You will then have to create a VPN client configuration file, called vpn.cnf. Use the following as a template and check that the settings match those specified on the OpenVPN server:
# Specify that this is a client configuration: client # Check whether the server is using a TUN or TAP interface, use the same here: dev tun ;dev tap # Check whether the server is using TCP or UDP protocol, use the same here: proto udp ;proto tcp # Specify the host name and OpenVPN port of the server: remote openvpn.example.com 1194 # Specify the file names of your certificates and key - these should not need changing. # The path names must be exactly as detailed below: ca /yealink/config/openvpn/keys/ca.crt cert /yealink/config/openvpn/keys/client.crt key /yealink/config/openvpn/keys/client.key # # NOTE: For Yealink-T32 or T38 phone, omit the initial /yealink directory , like this: # # ca /config/openvpn/keys/ca.crt # cert /config/openvpn/keys/client1.crt # key /config/openvpn/keys/client1.key # The rest of these settings should be unchanged: resolv-retry infinite nobind persist-key persist-tun mute-replay-warnings ns-cert-type server comp-lzo verb 3 mute 10
Now that you have the files, create the necessary directory tree layout:
- openvpn (folder)
- vpn.cnf
- keys (folder)
- ca.crt
- client.crt
- client.key
Use this directory layout to create a tar file that will be loaded on to your Yealink handset:
$ cd openvpn $ tar cvf openvpn.tar vpn.cnf keys
Configuring The Handset To Use OpenVPN
Once you have prepared the tar file you need to upload it to the handset and configure the handset to enable Open VPN.
Settings
- Find the handset's IP address. (On the handset, press Menu, then choose Status to view IP address.)

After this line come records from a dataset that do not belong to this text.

Lemma sum_nth_indicator (R : pzSemiRingType) (I : eqType) (r : seq I) x0 (s : I)
    (F : I -> R) : uniq r ->
  \sum_(i < size r) (nth x0 r i == s)%:R * F (nth x0 r i) = (s \in r)%:R * F s.
Proof.
move=> ur.
rewrite -(big_mkord xpredT (fun i => (nth x0 r i == s)%:R * F (nth x0 r i))).
rewrite -(big_nth x0 xpredT (fun x => (x == s)%:R * F x)).
rewrite (bigID (fun x => x == s)) /= [X in _ + X]big1 ?addr0; last first.
  by move=> i /negbTE ->; rewrite mul0r.
rewrite (eq_bigr (fun x => F x)); last by move=> i ->; rewrite mul1r.
case: (boolP (s \in r)) => sr; last first.
  rewrite big_seq_cond big_pred0 ?mul0r // => x; apply/andP => [[xr /eqP xs]].
  by rewrite -xs xr in sr.
rewrite (big_rem s sr) /= eqxx mul1r big_seq_cond big_pred0 ?addr0 // => x.
apply/andP => [[xr /eqP xs]]; move: ur; rewrite (perm_uniq (perm_to_rem sr)) /=.
by case/andP => /negP H _; apply: H; move: xr; rewrite xs.
Qed.


Definition simplicial D := forall F H, F \in D -> H \subset F -> H \in D.

Definition adj D : rel T := fun x y => [set x; y] \in D.

Lemma adj_sym D : symmetric (adj D).
Proof. by move=> a b; rewrite /adj setUC. Qed.

Lemma adj_in_face D F a b : simplicial D -> F \in D -> a \in F -> b \in F -> adj D a b.
Proof. by move=> hcl FD aF bF; apply: hcl FD _; rewrite subUset !sub1set aF bF. Qed.

Lemma connected_from D x : (forall w, [set w] \in D -> connect (adj D) x w) ->
  forall u v, [set u] \in D -> [set v] \in D -> connect (adj D) u v.
Proof.
move=> h u v uD vD; apply: connect_trans (h v vD).
by rewrite (sym_connect_sym (@adj_sym D)); apply: h.
Qed.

- Open the phone’s web configuration (http://<phone IP address>/). Log in (default user name and password are admin/admin).
- From the phones web interface select “Network -> Advanced”.
- Scroll to the VPN Section:
- Click Browse and find the tar file created above.
- Click Import.
- Then, check that VPN Active is set to Enabled, scroll to the botton of the page and click "Confirm".
- Go to the "Account" tab.
- Ensure that "SIP Server" is specified as the address of the Asterisk PBX as seen over the VPN*.
* In some cases the PBX may be visible both over the VPN and directly on the Internet, although this is not recommended. In these cases, if the Internet visible address of the PBX is used the handset will connect directly, not over the encrypted VPN, so ensure the VPN visible address is used.
Note: if you make a mistake and have to recreate and re-load you tar file then you must first disable the VPN setting, upload the new key and the re-enable the VPN. The new key will not upload if you fail to do this!
Firewall Implications
For the VPN to work, the phone must be able to make a connection to the remote PBX via OpenVPN.
For our configuration, that means that the phone must be able to make an outbound connection to the Internet on UDP Port 1194. This can be restricted to the PBX IP address if desired.
Your PBX must be able to accept connections on UDP Port 1194 as well - these can be restricted to Phone IP addresses if you know where your phones will connect from, but in general the PBX should accept OpenVPN connections from anywhere.
Diagnosing issues
The yealink handsets allows you to download a log file which can be quite useful in diagnosing issues. Search for the keywoard 'openvpn' in the logs.